> [Description of the task]: Go to the line containing "by move=> js; have := A_sig_entry" in the records below and print it and every following line exactly, on through the line containing "by rewrite mulmxBr", then stop.
★ ★ ★ ★ ★ ★ ★
(* Let $A$, $c$ be as in the context. If the system $yA\le c$ is totally dual integral, then $IP_{A,c}$ is a Gomory family.
   Context: $A\in\mathbb Z^{d\times n}$ has rank $d$, columns $a_1,\dots,a_n$, $cone(A)$ pointed, $\{x\in\mathbb R^n_{\ge0}:Ax=0\}=\{0\}$, $\mathbb ZA=\mathbb Z^d$, $\mathbb NA=\{Au:u\in\mathbb N^n\}$. For $c\in\mathbb Z^n$ and $b\in\mathbb NA$, $IP_{A,c}(b)=\min\{c\cdot x: Ax=b,\ x\in\mathbb N^n\}$; $IP_{A,c}$ is the family of these programs; for $b\in cone(A)$, $LP_{A,c}(b)=\min\{c\cdot x:Ax=b,\ x\ge0\}$. The system $yA\le c$ is totally dual integral if $LP_{A,c}(b)$ has an integral optimal solution for every $b\in cone(A)\cap\mathbb Z^d$. The regular triangulation $\Delta_c$ is the simplicial complex of all $\sigma\subseteq\{1,\dots,n\}$ for which some $y\in\mathbb R^d$ has $y\cdot a_j=c_j$ ($j\in\sigma$), $y\cdot a_j<c_j$ ($j\notin\sigma$). $c$ is generic: $\Delta_c$ is a triangulation and every $IP_{A,c}(b)$ has a unique optimal solution. For a maximal face $\sigma$ let $\tilde c_{\bar\sigma}=c_{\bar\sigma}-c_\sigma A_\sigma^{-1}A_{\bar\sigma}$; the (Gomory) group relaxation $G^\sigma(b)$ is $\min\{\tilde c_{\bar\sigma}\cdot x_{\bar\sigma}: A_\sigma x_\sigma+A_{\bar\sigma}x_{\bar\sigma}=b,\ x_{\bar\sigma}\ge0,\ x\in\mathbb Z^n\}$, and it solves $IP_{A,c}(b)$ if its optimal solution is non-negative. $IP_{A,c}$ is a Gomory family if for every $b\in\mathbb NA$ there is a maximal face $\sigma$ of $\Delta_c$ such that $G^\sigma(b)$ solves $IP_{A,c}(b)$. *)

From HB Require Import structures.
From mathcomp Require Import all_boot all_order all_algebra.
From mathcomp Require Import reals.
Set Implicit Arguments. Unset Strict Implicit. Unset Printing Implicit Defensive.
Import Order.TTheory GRing.Theory Num.Theory.
Local Open Scope ring_scope.

Section IPdefs.
Variables (R : realType) (d n : nat) (A : 'M[int]_(d, n)) (c : 'rV[int]_n).

Definition AR : 'M[R]_(d, n) := map_mx (fun z : int => z%:~R) A.
Definition cR : 'rV[R]_n := map_mx (fun z : int => z%:~R) c.

Definition nonnegR (x : 'cV[R]_n) := forall j, 0 <= x j 0.
Definition nonnegZ (x : 'cV[int]_n) := forall j, 0 <= x j 0.

Definition in_cone (v : 'cV[R]_d) := exists x, nonnegR x /\ AR *m x = v.

Definition cone_pointed := forall v, in_cone v -> in_cone (- v) -> v = 0.

Definition kernel_condition :=
  forall x : 'cV[R]_n, nonnegR x -> AR *m x = 0 -> x = 0.

Definition lattice_full := forall b : 'cV[int]_d, exists z : 'cV[int]_n, A *m z = b.

Definition in_NA (b : 'cV[int]_d) := exists u : 'cV[int]_n, nonnegZ u /\ A *m u = b.

Definition IP_feas (b : 'cV[int]_d) (x : 'cV[int]_n) := nonnegZ x /\ A *m x = b.
Definition IP_opt (b : 'cV[int]_d) (x : 'cV[int]_n) :=
  IP_feas b x /\ forall x', IP_feas b x' -> (c *m x) 0 0 <= (c *m x') 0 0.

Definition LP_feas (b : 'cV[R]_d) (x : 'cV[R]_n) := nonnegR x /\ AR *m x = b.
Definition LP_opt (b : 'cV[R]_d) (x : 'cV[R]_n) :=
  LP_feas b x /\ forall x', LP_feas b x' -> (cR *m x) 0 0 <= (cR *m x') 0 0.

(* yA <= c is totally dual integral: for every b in cone(A) ∩ Z^d,
   LP_{A,c}(b) has an integral optimal solution *)
Definition TDI :=
  forall b : 'cV[int]_d, in_cone (map_mx (fun z : int => z%:~R) b) ->
    exists z : 'cV[int]_n,
      LP_opt (map_mx (fun z : int => z%:~R) b) (map_mx (fun z : int => z%:~R) z).

(* sigma is a face of the regular triangulation Delta_c *)
Definition face (s : {set 'I_n}) :=
  exists y : 'rV[R]_d, forall j,
    if j \in s then (y *m AR) 0 j = cR 0 j else (y *m AR) 0 j < cR 0 j.

Definition supported (s : {set 'I_n}) (x : 'cV[R]_n) := forall j, j \notin s -> x j 0 = 0.

Definition lin_indep_cols (s : {set 'I_n}) :=
  forall x : 'cV[R]_n, supported s x -> AR *m x = 0 -> x = 0.

(* Delta_c is a triangulation of cone(A): every cell is simplicial and
   the cells cover cone(A) *)
Definition is_triangulation :=
  (forall s, face s -> lin_indep_cols s) /\
  (forall v, in_cone v -> exists s, face s /\
      exists x, nonnegR x /\ supported s x /\ AR *m x = v).

Definition generic :=
  is_triangulation /\ forall b, in_NA b -> exists! x, IP_opt b x.

Definition maximal_face (s : {set 'I_n}) :=
  face s /\ forall t, face t -> s \subset t -> t = s.

Definition proj_on (s : {set 'I_n}) : 'M[R]_n := diag_mx (\row_j (j \in s)%:R).

(* A_s and c_s (columns outside s zeroed out), and c_s A_s^{-1} *)
Definition A_sig s := AR *m proj_on s.
Definition c_sig s := cR *m proj_on s.
Definition y_sig s : 'rV[R]_d := c_sig s *m pinvmx (A_sig s).

Definition ctilde s : 'rV[R]_n := cR - y_sig s *m AR.

Definition G_feas (s : {set 'I_n}) (b : 'cV[int]_d) (x : 'cV[int]_n) :=
  A *m x = b /\ forall j, j \notin s -> 0 <= x j 0.
Definition G_obj (s : {set 'I_n}) (x : 'cV[int]_n) : R :=
  \sum_(j | j \notin s) ctilde s 0 j * (x j 0)%:~R.
Definition G_opt s b x :=
  G_feas s b x /\ forall x', G_feas s b x' -> G_obj s x <= G_obj s x'.

Definition G_solves s b :=
  (exists x, G_opt s b x) /\ forall x, G_opt s b x -> nonnegZ x.

Definition gomory_family :=
  forall b, in_NA b -> exists s, maximal_face s /\ G_solves s b.

End IPdefs.

From Pilot Require Import Defs.
From HB Require Import structures.
From mathcomp Require Import all_boot all_order all_algebra.
From mathcomp Require Import reals boolp.
Import Order.TTheory GRing.Theory Num.Theory.
Set Implicit Arguments. Unset Strict Implicit. Unset Printing Implicit Defensive.
Local Open Scope ring_scope.

(* By total dual integrality LP_{A,c}(b) has an integral optimum z.  The
   triangulation puts b in the cone of a face s with dual witness y, and
   complementary slackness forces z to vanish off s, hence off any maximal
   face σ containing s.  For maximal σ the rows of A_σ are independent
   (otherwise y could be moved along a vector orthogonal to the columns of
   A_σ until it becomes tight on a larger face), so c_σ A_σ^{-1} is the
   witness of σ and the reduced costs are positive off σ.  Then z has reduced
   cost 0, so it is optimal for G^σ(b), and any other optimum also vanishes
   off σ and differs from z by a kernel vector of A_σ, which is 0. *)

Lemma cost_split (R : comPzRingType) (d n : nat) (M : 'M[R]_(d, n)) (C : 'rV_n)
    (y : 'rV_d) (x : 'cV_n) :
  (C *m x) 0 0 = (y *m (M *m x)) 0 0 + \sum_j (C - y *m M) 0 j * x j 0.
Proof.
rewrite -{1}[C](subrK (y *m M)) mulmxDl mulmxA addrC mxE [X in _ + X]mxE.
by congr (_ + _); apply: eq_bigr => j _; rewrite !mxE.
Qed.

Lemma psum_mul_eq0 (R : numDomainType) (I : finType) (P : pred I) (a x : I -> R) :
    (forall i, P i -> 0 <= a i) -> (forall i, P i -> 0 <= x i) ->
    \sum_(i | P i) a i * x i = 0 ->
  forall i, P i -> 0 < a i -> x i = 0.
Proof.
move=> a_ge0 x_ge0 sum0 i Pi a_gt0.
have /eqP := psumr_eq0P (fun j Pj => mulr_ge0 (a_ge0 j Pj) (x_ge0 j Pj)) sum0 Pi.
by rewrite mulf_eq0 gt_eqF //= => /eqP.
Qed.

Lemma ex_maximal_superset (T : finType) (P : {set T} -> Prop) (s : {set T}) :
  P s -> exists t, [/\ P t, s \subset t & forall u, P u -> t \subset u -> u = t].
Proof.
move=> Ps; have [t /maxsetP[/asboolP Pt tmax] st] :=
  maxset_exists (P := fun t => `[< P t >]) (asboolT Ps).
by exists t; split=> // u /asboolP; apply: tmax.
Qed.

Section GomoryFamily.
Variables (R : realType) (d n : nat) (A : 'M[int]_(d, n)) (c : 'rV[int]_n).

Local Notation toR := (map_mx (fun z : int => z%:~R : R)).
Local Notation AR := (Defs.AR R A).
Local Notation cR := (Defs.cR R c).
Local Notation face := (Defs.face R A c).
Local Notation maximal_face := (Defs.maximal_face R A c).
Local Notation ctilde := (Defs.ctilde R A c).
Local Notation G_obj := (Defs.G_obj R A c).

Lemma toR_inj m p : injective (toR : 'M[int]_(m, p) -> 'M[R]_(m, p)).
Proof.
move=> x y /matrixP xy; apply/matrixP=> i j.
by apply: (@intr_inj R); have := xy i j; rewrite !mxE.
Qed.

Lemma LP_feas_toR b x : LP_feas A (toR b) (toR x) <-> IP_feas A b x.
Proof.
rewrite /LP_feas /IP_feas /nonnegR /nonnegZ /Defs.AR -map_mxM.
split=> [] [x_ge0 Axb]; split.
- by move=> j; have := x_ge0 j; rewrite mxE ler0z.
- exact: toR_inj.
- by move=> j; rewrite mxE ler0z.
- by rewrite Axb.
Qed.

Lemma in_cone_of_NA b : in_NA A b -> in_cone A (toR b).
Proof. by move=> [u /LP_feas_toR u_feas]; exists (toR u). Qed.

Definition face_witness (s : {set 'I_n}) (y : 'rV[R]_d) :=
  forall j, if j \in s then (y *m AR) 0 j = cR 0 j else (y *m AR) 0 j < cR 0 j.

Definition slack (y : 'rV[R]_d) : 'rV[R]_n := cR - y *m AR.

Lemma face_witness_tight (y : 'rV[R]_d) :
  (forall j, 0 <= slack y 0 j) -> face_witness [set j | slack y 0 j == 0] y.
Proof.
move=> slack_ge0 j; rewrite inE; have := slack_ge0 j; rewrite !mxE subr_ge0.
by rewrite le_eqVlt subr_eq0 eq_sym; case: eqP.
Qed.

Lemma A_sig_entry s (w : 'rV[R]_d) j :
  (w *m A_sig R A s) 0 j = (w *m AR) 0 j * (j \in s)%:R.
Proof. by rewrite /A_sig /proj_on mulmxA mul_mx_diag !mxE. Qed.

Section Witness.
Variables (s : {set 'I_n}) (y : 'rV[R]_d).
Hypothesis ys : face_witness s y.

Lemma slack_eq0 j : j \in s -> slack y 0 j = 0.
Proof. by move=> js; have := ys j; rewrite js !mxE => ->; rewrite subrr. Qed.

Lemma slack_gt0 j : j \notin s -> 0 < slack y 0 j.
Proof. by move=> js; have := ys j; rewrite (negbTE js) !mxE subr_gt0. Qed.

Lemma slack_ge0 j : 0 <= slack y 0 j.
Proof. by case: (boolP (j \in s)) => [/slack_eq0 -> | /slack_gt0 /ltW]. Qed.

Lemma LP_opt_supported (b : 'cV[R]_d) (x z : 'cV[R]_n) :
  LP_feas A b x -> supported s x -> LP_opt A c b z -> supported s z.
Proof.
move=> [x_ge0 Axb] xs [[z_ge0 Azb] zopt] j js.
have cx : (cR *m x) 0 0 = (y *m b) 0 0.
  rewrite (cost_split AR cR y) Axb big1 ?addr0 // => i _.
  by case: (boolP (i \in s)) => [/slack_eq0 -> | /xs ->]; rewrite ?mul0r ?mulr0.
have := zopt x (conj x_ge0 Axb).
rewrite cx (cost_split AR cR y) Azb gerDl -/(slack y) => sum_le0.
have sum_ge0 : 0 <= \sum_i slack y 0 i * z i 0.
  by apply: sumr_ge0 => i _; exact: mulr_ge0 (slack_ge0 i) (z_ge0 i).
apply: (psum_mul_eq0 (P := predT) (fun i _ => slack_ge0 i) (fun i _ => z_ge0 i)) => //.
  by apply/eqP; rewrite eq_le sum_le0 sum_ge0.
exact: slack_gt0 js.
Qed.

Lemma face_witness_ascent (w : 'rV[R]_d) j0 :
    (forall j, j \in s -> (w *m AR) 0 j = 0) -> 0 < (w *m AR) 0 j0 ->
  exists2 t, face t & s \proper t.
Proof.
move=> w_s wA_j0_gt0.
have [jm wA_jm_gt0 jm_min] := arg_minP (P := fun j => 0 < (w *m AR) 0 j)
  (fun j => slack y 0 j / (w *m AR) 0 j) wA_j0_gt0.
(* The longest step along w keeping y dual feasible; it makes jm tight. *)
set step := slack y 0 jm / (w *m AR) 0 jm.
have jm_s : jm \notin s by apply: contraTN wA_jm_gt0 => /w_s ->; rewrite ltxx.
have step_gt0 : 0 < step by rewrite divr_gt0 // slack_gt0.
have slackE j : slack (y + step *: w) 0 j = slack y 0 j - step * (w *m AR) 0 j.
  by rewrite /slack mulmxDl -scalemxAl opprD addrA !mxE.
have slack'_ge0 j : 0 <= slack (y + step *: w) 0 j.
  rewrite slackE subr_ge0; case: (ltrP 0 ((w *m AR) 0 j)) => [wA_gt0 | wA_le0].
    by rewrite -ler_pdivlMr // jm_min.
  by apply: le_trans (slack_ge0 j); rewrite mulr_ge0_le0 // ltW.
exists [set j | slack (y + step *: w) 0 j == 0].
  by exists (y + step *: w); apply: face_witness_tight.
apply/properP; split.
  by apply/subsetP => j js; rewrite inE slackE w_s // mulr0 subr0 slack_eq0.
by exists jm => //; rewrite inE slackE /step divfK ?subrr // gt_eqF.
Qed.

Lemma c_sig_witness : c_sig R c s = y *m A_sig R A s.
Proof.
apply/rowP => j; rewrite A_sig_entry /c_sig /proj_on mul_mx_diag !mxE.
by have := ys j; rewrite !mxE; case: (j \in s) => [->|_]; rewrite ?mulr0.
Qed.

End Witness.

Lemma maximal_face_row_free s :
  \rank AR = d -> maximal_face s -> row_free (A_sig R A s).
Proof.
move=> rankA [[y ys] smax]; apply: inj_row_free => w wAs0.
have w_s j : j \in s -> (w *m AR) 0 j = 0.
  by move=> js; have := A_sig_entry s w j; rewrite wAs0 js mulr1 mxE.
have no_ascent (v : 'rV_d) j0 :
    (forall j, j \in s -> (v *m AR) 0 j = 0) -> ~ 0 < (v *m AR) 0 j0.
  move=> v_s /(face_witness_ascent ys v_s) [t ft /andP[st ts]].
  by move: ts; rewrite (smax t ft st) subxx.
apply/eqP; rewrite -(mulmx_free_eq0 _ (B := AR)) /row_free ?rankA //.
apply/rV0Pn => -[j0]; case: ltrgtP => // wA_j0 _.
  apply: (no_ascent (- w) j0); rewrite mulNmx; last by rewrite mxE oppr_gt0.
  by move=> j /w_s wA_j; rewrite [LHS]mxE wA_j oppr0.
exact: no_ascent wA_j0.
Qed.

Lemma y_sig_maximal s y :
  \rank AR = d -> maximal_face s -> face_witness s y -> y_sig R A c s = y.
Proof.
move=> rankA smax ys; apply: (row_free_inj (maximal_face_row_free rankA smax)).
by rewrite /= /y_sig mulmxKpV (c_sig_witness ys) // submxMl.
Qed.

Lemma ctilde_maximal_gt0 s :
  \rank AR = d -> maximal_face s -> forall j, j \notin s -> 0 < ctilde s 0 j.
Proof.
move=> rankA smax; have [[y ys] _] := smax.
by rewrite /ctilde (y_sig_maximal rankA smax ys); apply: slack_gt0.
Qed.

Lemma G_solves_of_support s b z :
    lin_indep_cols R A s -> (forall j, j \notin s -> 0 < ctilde s 0 j) ->
    IP_feas A b z -> (forall j, j \notin s -> z j 0 = 0) ->
  G_solves R A c s b.
Proof.
move=> indep ctilde_gt0 [z_ge0 Azb] z_s.
have G_obj_ge0 x : G_feas A s b x -> 0 <= G_obj s x.
  move=> [_ x_ge0]; apply: sumr_ge0 => j js.
  by rewrite mulr_ge0 ?ler0z ?x_ge0 ?ltW ?ctilde_gt0.
have Gz0 : G_obj s z = 0 by apply: big1 => j js; rewrite z_s // mulr0.
have zG : G_feas A s b z by split=> // j _; apply: z_ge0.
split; first by exists z; split=> // x xG; rewrite Gz0 G_obj_ge0.
move=> x [[Axb x_ge0] xopt].
have Gx0 : G_obj s x = 0 by apply/eqP; rewrite eq_le G_obj_ge0 // andbT -Gz0 xopt.
have x_s j : j \notin s -> x j 0 = 0.
  move=> js; apply/eqP; rewrite -(intr_eq0 R); apply/eqP.
  apply: (psum_mul_eq0 _ _ Gx0 js (ctilde_gt0 j js)) => i i_s.
    exact/ltW/ctilde_gt0.
  by rewrite ler0z x_ge0.
have x_eq_z : x = z.
  apply: toR_inj; apply/eqP; rewrite -subr_eq0; apply/eqP.
  apply: indep => [j js |]; first by rewrite !mxE x_s ?z_s // subrr.
  by rewrite mulmxBr /Defs.AR -!map_mxM Axb Azb subrr.
by rewrite x_eq_z.
Qed.

End GomoryFamily.

Theorem corollary3p4 (R : realType) (d n : nat) (A : 'M[int]_(d, n)) (c : 'rV[int]_n) :
  \rank (AR R A) = d ->
  cone_pointed R A ->
  kernel_condition R A ->
  lattice_full A ->
  generic R A c ->
  TDI R A c ->
  gomory_family R A c.
Proof.
move=> rankA _ _ _ [[indep cover] _] tdi b /(in_cone_of_NA R) b_cone.
have [s [[y ys] [x [x_ge0 [x_s Axb]]]]] := cover _ b_cone.
have [z zopt] := tdi b b_cone.
have z_s := LP_opt_supported ys (conj x_ge0 Axb) x_s zopt.
have [t [t_face st tmax]] := ex_maximal_superset (ex_intro _ y ys : face R A c s).
have t_max : maximal_face R A c t by split.
exists t; split=> //; apply: (G_solves_of_support (indep t t_face)).
- exact: ctilde_maximal_gt0 rankA t_max.
- exact/LP_feas_toR/zopt.1.
- move=> j jt; have := z_s j (contra (subsetP st j) jt).
  by rewrite mxE => /eqP; rewrite intr_eq0 => /eqP.
Qed.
★ ★ ★ ★ ★ ★ ★
> [Written answer]:
  by move=> js; have := A_sig_entry s w j; rewrite wAs0 js mulr1 mxE.
have no_ascent (v : 'rV_d) j0 :
    (forall j, j \in s -> (v *m AR) 0 j = 0) -> ~ 0 < (v *m AR) 0 j0.
  move=> v_s /(face_witness_ascent ys v_s) [t ft /andP[st ts]].
  by move: ts; rewrite (smax t ft st) subxx.
apply/eqP; rewrite -(mulmx_free_eq0 _ (B := AR)) /row_free ?rankA //.
apply/rV0Pn => -[j0]; case: ltrgtP => // wA_j0 _.
  apply: (no_ascent (- w) j0); rewrite mulNmx; last by rewrite mxE oppr_gt0.
  by move=> j /w_s wA_j; rewrite [LHS]mxE wA_j oppr0.
exact: no_ascent wA_j0.
Qed.

Lemma y_sig_maximal s y :
  \rank AR = d -> maximal_face s -> face_witness s y -> y_sig R A c s = y.
Proof.
move=> rankA smax ys; apply: (row_free_inj (maximal_face_row_free rankA smax)).
by rewrite /= /y_sig mulmxKpV (c_sig_witness ys) // submxMl.
Qed.

Lemma ctilde_maximal_gt0 s :
  \rank AR = d -> maximal_face s -> forall j, j \notin s -> 0 < ctilde s 0 j.
Proof.
move=> rankA smax; have [[y ys] _] := smax.
by rewrite /ctilde (y_sig_maximal rankA smax ys); apply: slack_gt0.
Qed.

Lemma G_solves_of_support s b z :
    lin_indep_cols R A s -> (forall j, j \notin s -> 0 < ctilde s 0 j) ->
    IP_feas A b z -> (forall j, j \notin s -> z j 0 = 0) ->
  G_solves R A c s b.
Proof.
move=> indep ctilde_gt0 [z_ge0 Azb] z_s.
have G_obj_ge0 x : G_feas A s b x -> 0 <= G_obj s x.
  move=> [_ x_ge0]; apply: sumr_ge0 => j js.
  by rewrite mulr_ge0 ?ler0z ?x_ge0 ?ltW ?ctilde_gt0.
have Gz0 : G_obj s z = 0 by apply: big1 => j js; rewrite z_s // mulr0.
have zG : G_feas A s b z by split=> // j _; apply: z_ge0.
split; first by exists z; split=> // x xG; rewrite Gz0 G_obj_ge0.
move=> x [[Axb x_ge0] xopt].
have Gx0 : G_obj s x = 0 by apply/eqP; rewrite eq_le G_obj_ge0 // andbT -Gz0 xopt.
have x_s j : j \notin s -> x j 0 = 0.
  move=> js; apply/eqP; rewrite -(intr_eq0 R); apply/eqP.
  apply: (psum_mul_eq0 _ _ Gx0 js (ctilde_gt0 j js)) => i i_s.
    exact/ltW/ctilde_gt0.
  by rewrite ler0z x_ge0.
have x_eq_z : x = z.
  apply: toR_inj; apply/eqP; rewrite -subr_eq0; apply/eqP.
  apply: indep => [j js |]; first by rewrite !mxE x_s ?z_s // subrr.
  by rewrite mulmxBr /Defs.AR -!map_mxM Axb Azb subrr.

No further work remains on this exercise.